The introduction of the $1.6 million transfer balance cap will in some cases require advisers to rethink the strategy of maximising their clients’ retirement assets in superannuation. I am discovering, as a result of an ageing client population, that some clients should be advised to reduce their superannuation to avoid the possibility of me being sued.

Clients affected by the $1.6 million pension limit will have the option of withdrawing the excess and investing it personally, or partially commuting the pension and rolling it back into accumulation phase.

For clients with high taxable income outside of superannuation, the decision to roll it into an accumulation account will be easy. Paying tax on the income earned in an accumulation account at 15 per cent, compared with paying income tax at even the lowest marginal personal tax rate of 21 per cent, including the Medicare levy, is clearly a better option.

Where clients with an excess have little or no assessable income, the opposite option is often favourable. Given, that after applying the low income and the seniors tax offsets a couple can earn about $56,000 and pay no tax, it can make sense to take the excess over the $1.6 million limit and invest it personally.

High income, low growth

Planners will, however, be faced with the task of selecting high income earning investments with low growth in personal names, while retaining high growth assets in the superannuation pension account.

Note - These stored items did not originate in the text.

Lemma S_clip_dominates s s' : leS s' s -> exists o, leT (S_point s') (S_point (S_clip s o)).
Proof.
case: s s' => [a|j] [b|l] //= le_s's.
  by exists None; apply/(copy_le leB M tiK (proj2 phi_mono)).
exists (Some l); rewrite /= le_s's /=.
by apply: sier_le_refl; apply: osum_le_refl.
Qed.

Lemma S_point_reflect s s' : leT (S_point s) (S_point s') -> leS s s'.
Proof.
case: s s' => [a|i] [b|j] /=.
- exact: (copy_le leB M tiK (proj2 phi_mono) a b).2.
- move=> [le_copy _]; have := leq_trans (copy_ge M tiK phi a) le_copy.
  by rewrite ltn_geF // ltnS (@leq_bigmax _ (fun i => ti (inr i)) j).
- by move=> [_]; rewrite tiK t_copy.
- by move=> [_]; rewrite !tiK.
Qed.

Lemma S_embeds_in_sier :
  exists f : Ifin leS -> Ifin leT,
    order_embedding (Ifin_le leS) (Ifin_le leT) f /\
    preserves_finite_joins (Ifin_le leS) (Ifin_le leT) f.
Proof.
have leS_refl s : leS s s by apply: S_le_refl.
have leS_trans s1 s2 s3 : leS s1 s2 -> leS s2 s3 -> leS s1 s3 by apply: S_le_trans.
have leT_refl x : leT x x by apply: sier_le_refl; apply: osum_le_refl.
have leT_trans x1 x2 x3 : leT x1 x2 -> leT x2 x3 -> leT x1 x3.
  by apply: sier_le_trans; apply: osum_le_trans.
exists (Ifin_image leS_refl leS_trans leT_trans S_clip_le S_clip_dominates).
split; first exact: Ifin_image_embedding S_point_reflect.
exact: Ifin_image_joins.
Qed.

End SEmbedding.

Definition S_to_osum (B : Type) (n : nat) (phi : nat -> nat * B) (s : nat + 'I_n) :
    (nat * B) + 'I_n :=
  match s with inl a => inl (phi a) | inr i => inr i end.

Lemma S_to_osum_mono (B : Type) (leB : B -> B -> Prop) (n : nat) (phi : nat -> nat * B) s s' :
  S_le leB phi n s s' -> osum_le leB n (S_to_osum phi s) (S_to_osum phi s').
Proof. by case: s s' => [a|i] [b|j] //= [_]. Qed.

Lemma S_to_osum_surj (B : Type) (n : nat) (phi : nat -> nat * B) :
  bijective phi -> forall y : (nat * B) + 'I_n, exists s, S_to_osum phi s = y.
Proof. by move=> [phinv _ phiK] [q|i]; [exists (inl (phinv q)); rewrite /= phiK|exists (inr i)]. Qed.

Theorem lemma2p8 (A B : Type) (leA : A -> A -> Prop) (leB : B -> B -> Prop) (n : nat)
  (hA : linear_order leA) (hB : linear_order leB)
  (hcount : exists e : nat -> A, bijective e)
  (hiso : exists h : A -> (nat * B) + 'I_n, order_iso leA (osum_le leB n) h)
  (phi : nat -> nat * B) (hphi : monotonic_bij phi) :
  in_J (Ifin_le (S_le leB phi n)) leA /\
  (forall psi : nat -> A, bijective psi ->
     exists f : Ifin (S_le leB phi n) -> Ifin (sier_le leA psi),
       order_embedding (Ifin_le (S_le leB phi n)) (Ifin_le (sier_le leA psi)) f /\
       preserves_finite_joins (Ifin_le (S_le leB phi n)) (Ifin_le (sier_le leA psi)) f).
Proof.
have [h [[hinv hK hKinv] h_le]] := hiso.
split.
  apply: (@in_J_Ifin _ _ _ _ (hinv \o S_to_osum phi)) => [s|s s' ss'|a].
  - exact: S_le_refl.
  - by apply/h_le; rewrite /= !hKinv; apply: S_to_osum_mono.
  - have [s hs] := S_to_osum_surj (proj1 hphi) (h a).
    by exists s; rewrite /= hs hK.
move=> psi [psinv _ psiK]; rewrite (sier_le_iso psi h_le).
apply: (@S_embeds_in_sier _ _ _ _ _ (psinv \o hinv)) => [||y].
- by case: hB.
- exact: hphi.
- by rewrite /= psiK hKinv.
Qed.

If high growth assets are invested outside of superannuation, which must be sold, this could result in higher tax being paid than if the amount had been retained in a superannuation accumulation account.

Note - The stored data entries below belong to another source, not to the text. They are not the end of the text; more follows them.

(* The Clebsch graph has odd girth $5$, and it admits an orientation in which every $5$-cycle is alternating.
   Context: The Clebsch graph (Greenwood–Gleason graph) is the $5$-regular graph on vertex set $\{0,1\}^4$ in which two vectors are adjacent iff they differ in exactly one coordinate or in all four coordinates. The odd girth is the length of a shortest odd cycle. An orientation assigns each edge exactly one direction. In an oriented graph, a subgraph that is a cycle is called alternating if at most one of its vertices has both positive in-degree and positive out-degree within that cycle. *)

From mathcomp Require Import all_boot.
Set Implicit Arguments. Unset Strict Implicit. Unset Printing Implicit Defensive.

Definition V := {ffun 'I_4 -> bool}.

Definition hdist (u v : V) : nat := #|[set i | u i != v i]|.

Definition clebsch : rel V := fun u v => (hdist u v == 1) || (hdist u v == 4).

Definition is_cycle (T : eqType) (adj : rel T) (c : seq T) : Prop :=
  [/\ 3 <= size c, uniq c & cycle adj c].

Definition odd_girth (T : eqType) (adj : rel T) (k : nat) : Prop :=
  (exists c, [/\ is_cycle adj c, odd (size c) & size c = k]) /\
  (forall c, is_cycle adj c -> odd (size c) -> k <= size c).

Definition orientation (T : eqType) (adj : rel T) (o : rel T) : Prop :=
  (forall u v, o u v -> adj u v) /\
  (forall u v, adj u v -> (o u v (+) o v u)).

(* Within the cycle c, vertex x has positive in-degree and positive out-degree
   (its cycle-neighbours are prev c x and next c x). *)
Definition mixed_in (T : eqType) (o : rel T) (c : seq T) (x : T) : bool :=
  (o (prev c x) x || o (next c x) x) && (o x (prev c x) || o x (next c x)).

Definition alternating (T : eqType) (o : rel T) (c : seq T) : Prop :=
  count (mixed_in o c) c <= 1.

From mathcomp Require Import all_boot.

(* Encoding {0,1}^4 as boolean quadruples makes every question about the
   Clebsch graph decidable by evaluation.  The graph has no triangle but has a
   5-cycle, so its odd girth is 5.  Orient each edge upwards along a height
   function with four values that is injective on edges, the sources being the
   even-weight vertices with first bit 0 and the sinks the even-weight vertices
   with first bit 1.  A vertex of a cycle is then mixed exactly when it is
   neither a local minimum nor a local maximum of the height, and enumerating
   the closed walks of length 5 shows that every 5-cycle has at most one such
   vertex. *)

Set Implicit Arguments.
Unset Strict Implicit.
Unset Printing Implicit Defensive.

Section GraphIsomorphism.

Variables (T U : eqType) (f : T -> U) (g : U -> T).
Hypotheses (fK : cancel f g) (gK : cancel g f).
Variables (adjT : rel T) (adjU : rel U).
Hypothesis f_adj : {mono f : x y / adjT x y >-> adjU x y}.

Let f_inj : injective f := can_inj fK.

Lemma is_cycle_map c : is_cycle adjU (map f c) = is_cycle adjT c.
Proof. by rewrite /is_cycle size_map (map_inj_uniq f_inj) (mono_cycle f_adj). Qed.

Lemma odd_girth_mono k : odd_girth adjU k -> odd_girth adjT k.
Proof.
case=> [[c [c_cycle c_odd c_k]] c_min]; split=> [|d].
  by exists (map g c); rewrite -is_cycle_map mapK // size_map.
rewrite -is_cycle_map -(size_map f); exact: c_min.
Qed.

Variables (oT : rel T) (oU : rel U).
Hypothesis f_o : {mono f : x y / oT x y >-> oU x y}.

Lemma orientation_mono : orientation adjU oU -> orientation adjT oT.
Proof.
case=> o_adj o_xor; split=> x y; rewrite -f_adj -!f_o; [exact: o_adj | exact: o_xor].
Qed.

Lemma alternating_map c : uniq c -> alternating oU (map f c) = alternating oT c.
Proof.
move=> c_uniq; rewrite /alternating count_map; congr (is_true (_ <= 1)).
apply: eq_count => x; rewrite /= /mixed_in.
by rewrite (next_map f_inj c_uniq) (prev_map f_inj c_uniq) !f_o.
Qed.

End GraphIsomorphism.

Section HeightOrientation.

Variables (T : eqType) (adj : rel T) (h : T -> nat).

Definition height_orientation : rel T := [rel u v | adj u v && (h u < h v)].

Lemma orientation_height :
  symmetric adj -> (forall u v, adj u v -> h u != h v) ->
  orientation adj height_orientation.
Proof.
move=> adj_sym h_adj; split=> [u v /andP [] // | u v uv].
rewrite /height_orientation /= -(adj_sym u v) uv /=.
by case: ltngtP (h_adj u v uv) => // ->; rewrite eqxx.
Qed.

End HeightOrientation.

Lemma triangle_free_odd_girth5 (T : eqType) (adj : rel T) (c5 : seq T) :
  (forall c, size c = 3 -> ~~ cycle adj c) -> is_cycle adj c5 -> size c5 = 5 ->
  odd_girth adj 5.
Proof.
move=> no_triangle c5_cycle c5_size; split; first by exists c5; rewrite c5_size.
case=> [|x [|y [|z [|w [|v s]]]]] [] //= _ _ c_cycle _.
by have /negP := no_triangle [:: x; y; z] erefl.
Qed.

Section Walks.

Variables (T : eqType) (e : rel T) (s : seq T).

Fixpoint walks n : seq (seq T) :=
  if n is n'.+1 then [seq x :: p | x <- s, p <- [seq p <- walks n' | path e x p]]
  else [:: [::]].

Hypothesis s_full : forall x, x \in s.

Lemma mem_walks p : sorted e p -> p \in walks (size p).
Proof.
elim: p => [|x p IHp] //= xp.
apply: (allpairs_f_dep (fun x p => x :: p)) => //.
by rewrite mem_filter xp IHp ?(path_sorted xp).
Qed.

Lemma cycle_walks (P : pred (seq T)) n :
  all (fun c => cycle e c ==> P c) (walks n) ->
  forall c, size c = n -> cycle e c -> P c.
Proof.
move=> /allP walks_P c c_size c_cycle; apply: (implyP (walks_P c _)) => //.
rewrite -c_size; apply: mem_walks; case: c {c_size} c_cycle => //= x p.
by rewrite rcons_path => /andP [].
Qed.

End Walks.

Definition B4 := (bool * bool * bool * bool)%type.

Definition bits (u : V) : B4 := (u ord0, u (inord 1), u (inord 2), u (inord 3)).

Definition of_bits (x : B4) : V :=
  let: (x0, x1, x2, x3) := x in [ffun i : 'I_4 => nth false [:: x0; x1; x2; x3] i].

Lemma bitsK : cancel bits of_bits.
Proof.
move=> u; apply/ffunP=> -[[|[|[|[|i]]]] lt_i4] //; rewrite ffunE /=; congr (u _);
  by apply: val_inj; rewrite /= ?inordK.
Qed.

Lemma of_bitsK : cancel of_bits bits.
Proof. by case=> [[[x0 x1] x2] x3]; rewrite /bits !ffunE /= !inordK. Qed.

Definition bdist (x y : B4) : nat :=
  let: (x0, x1, x2, x3) := x in let: (y0, y1, y2, y3) := y in
  (x0 != y0) + (x1 != y1) + (x2 != y2) + (x3 != y3).

Lemma hdist_bits u v : hdist u v = bdist (bits u) (bits v).
Proof.
rewrite /hdist -sum1_card big_mkcond !big_ord_recr big_ord0 /= !inE add0n.
congr (_ + _ + _ + _); congr (nat_of_bool (u _ != v _));
  by apply: val_inj; rewrite /= ?inordK.
Qed.

Definition clebsch4 : rel B4 := fun x y => (bdist x y == 1) || (bdist x y == 4).

Lemma clebsch_bits : {mono bits : u v / clebsch u v >-> clebsch4 u v}.
Proof. by move=> u v; rewrite /clebsch hdist_bits. Qed.

Definition B4_enum : seq B4 :=
  let bs := [:: false; true] in
  let bs2 := [seq (b0, b1) | b0 <- bs, b1 <- bs] in
  [seq (x, b) | x <- [seq (x, b) | x <- bs2, b <- bs], b <- bs].

Lemma mem_B4_enum x : x \in B4_enum.
Proof. by case: x => [[[[] []] []] []]. Qed.

Lemma clebsch4_sym : symmetric clebsch4.
Proof. by do 2!case=> [[[[] []] []] []]. Qed.

Definition height (x : B4) : nat :=
  let: (x0, x1, x2, x3) := x in
  if x0 (+) x1 (+) x2 (+) x3 then (if x0 then 1 else 2) else (if x0 then 3 else 0).

Lemma height_clebsch4 x y : clebsch4 x y -> height x != height y.
Proof. by move: x y; do 2!case=> [[[[] []] []] []]. Qed.

Definition clebsch4_orientation := height_orientation clebsch4 height.

Lemma clebsch4_no_triangle c : size c = 3 -> ~~ cycle clebsch4 c.
Proof.
move=> c_size; apply/negP=> c_cycle.
have checked : all (fun c => cycle clebsch4 c ==> false) (walks clebsch4 B4_enum 3).
  by vm_compute.
by have := cycle_walks mem_B4_enum checked c_size c_cycle.
Qed.

Lemma clebsch4_pentagon :
  is_cycle clebsch4 [:: (false, false, false, false); (true, false, false, false);
    (true, true, false, false); (true, true, true, false); (true, true, true, true)].
Proof. by []. Qed.

Lemma clebsch4_pentagons_alternating c :
  is_cycle clebsch4 c -> size c = 5 -> alternating clebsch4_orientation c.
Proof.
case=> _ c_uniq c_cycle c_size.
pose P c := uniq c ==> (count (mixed_in clebsch4_orientation c) c <= 1).
have checked : all (fun c => cycle clebsch4 c ==> P c) (walks clebsch4 B4_enum 5).
  by vm_compute.
by move/implyP: (cycle_walks mem_B4_enum checked c_size c_cycle); apply.
Qed.

Theorem mainTheorem12 :
  odd_girth clebsch 5 /\
  exists o : rel V, orientation clebsch o /\
    forall c : seq V, is_cycle clebsch c -> size c = 5 -> alternating o c.
Proof.
split.
  apply: (odd_girth_mono bitsK of_bitsK clebsch_bits).
  exact: triangle_free_odd_girth5 clebsch4_no_triangle clebsch4_pentagon _.
exists (relpre bits clebsch4_orientation).
have bits_o : {mono bits : u v / relpre bits clebsch4_orientation u v >->
                                  clebsch4_orientation u v} by [].
split.
  apply: (orientation_mono clebsch_bits bits_o).
  exact: orientation_height clebsch4_sym height_clebsch4.
move=> c c_cycle c_size; have [_ c_uniq _] := c_cycle.
rewrite -(alternating_map bitsK bits_o c_uniq).
apply: clebsch4_pentagons_alternating; last by rewrite size_map.
by rewrite (is_cycle_map bitsK clebsch_bits).
Qed.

Where growth assets held in personal names can be sold in a structured way, so that the capital gain can be restricted to result in total income of less than $37,000, they would, in effect, not pay any more tax due to the 50 per cent general CGT discount, compared with the one-third discount available to SMSFs.

Those of my clients not faced with the dilemma of possibly having to withdraw superannuation because of the pension transfer limit still need to be made aware that in some circumstances superannuation should be paid out and not retained when one of them dies.

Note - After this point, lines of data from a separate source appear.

Theorem theorem3p16 (F : finFieldType) (m : nat) (hm : (0 < m)%N)
  (hF : #|F| = (2 ^ (2 * m))%N)
  (delta b1 b2 b3 : F)
  (hb1 : b1 ^+ qq m = b1) (hb2 : b2 ^+ qq m = b2)
  (i : nat) (hi : (i < 2 * m)%N) :
  let j := (i %% m)%N in
  let d := gcdn m j in
  let q := qq m in
  let P := Pfun m i delta b1 b2 b3 in
  let G := Gfun m i b1 b2 b3 in
  let A := Acoef m delta b1 b2 b3 in
  let B := Bcoef m i delta b1 b2 in
  let C := Ccoef m i delta b1 b2 b3 in
  ((i = 0%N \/ i = m) ->
     (bijective P <-> A + B != 0) /\
     (A + B != 0 ->
        is_inverse P (fun x => G ((A + B)^-1 * (x ^+ q + x) + (A + B)^-1 * C + delta) + x)))
  /\
  ((i <> 0%N /\ i <> m) -> A = 0 -> B != 0 ->
     bijective P /\
     is_inverse P (fun x => G (B^-1 * (x ^+ q + x) + B^-1 * C + delta) + x))
  /\
  ((i <> 0%N /\ i <> m) -> A != 0 -> B = 0 ->
     bijective P /\
     is_inverse P (fun x => G ((A^-1) ^+ (2 ^ (m - j))%N * (x ^+ q + x) ^+ (2 ^ (m - j))%N
                              + (C / A) ^+ (2 ^ (m - j))%N + delta) + x))
  /\
  ((i <> 0%N /\ i <> m) -> A * B != 0 ->
     (bijective P <-> normF m d (B / A) != 1) /\
     (normF m d (B / A) != 1 ->
        is_inverse P (fun x =>
          let N := normF m d (B / A) in
          G (delta + N / (1 + N) *
               \sum_(0 <= k < (m %/ d)%N)
                  (A / B) ^+ ((2 ^ ((k + 1) * j) - 1) %/ (2 ^ j - 1))%N
                  * ((x ^+ q + x) / A + C / A) ^+ (2 ^ (k * j))%N) + x))).
Proof.
move=> j d q P G A B C.
have Fb1 : b1 \is subfq F m by apply/eqP.
have Fb2 : b2 \is subfq F m by apply/eqP.
split; [|split; [|split]].
- move=> i0m; apply: Pfun_perm_j0 => //.
  by case: i0m => ->; rewrite ?mod0n ?modnn.
- move=> _ A0 nz_B; have P_inv := Pfun_inverse_A0 hF Fb1 Fb2 A0 nz_B.
  by split=> //; exact: is_inverse_bij P_inv.
- move=> _ nz_A B0; have P_inv := Pfun_inverse_B0 hm hF Fb1 Fb2 nz_A B0.
  by split=> //; exact: is_inverse_bij P_inv.
move=> [i_neq0 i_neqm]; apply: Pfun_perm_AB => //.
have [lt_im | le_mi] := ltnP i m; first by rewrite modn_small // lt0n; apply/eqP.
by rewrite -(subnK le_mi) modnDr modn_small; lia.
Qed.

When superannuation balances are made up entirely of tax-free super, the risk to advisers of not having this discussion with clients is not that great.

When superannuation balances are made up of taxable super, and clients are not advised about the tax implications of non-dependents receiving superannuation, advisers could find themselves in the firing line from disgruntled beneficiaries who are paying tax on superannuation proceeds.

Death brings decisions

When conducting an annual review with clients, especially those that are in their 70s and older, I advise that we will need to make some decisions upon the first of the couple dying. On the basis of estimated taxable superannuation balance that could be remaining upon the death of the last member an estimate of the tax payable by their non-dependent beneficiaries is provided. After agreeing with them that they would rather make their children richer than the ATO, I outline the process that will need to be undertaken when the first of them dies.

This involves assessing the total value of superannuation, calculating the value of investments needed in the superannuation to fund the lifestyle of the survivor based on an optimistic life expectancy, working out how much needs to be retained, and also how much should be taken as a tax free lump sum.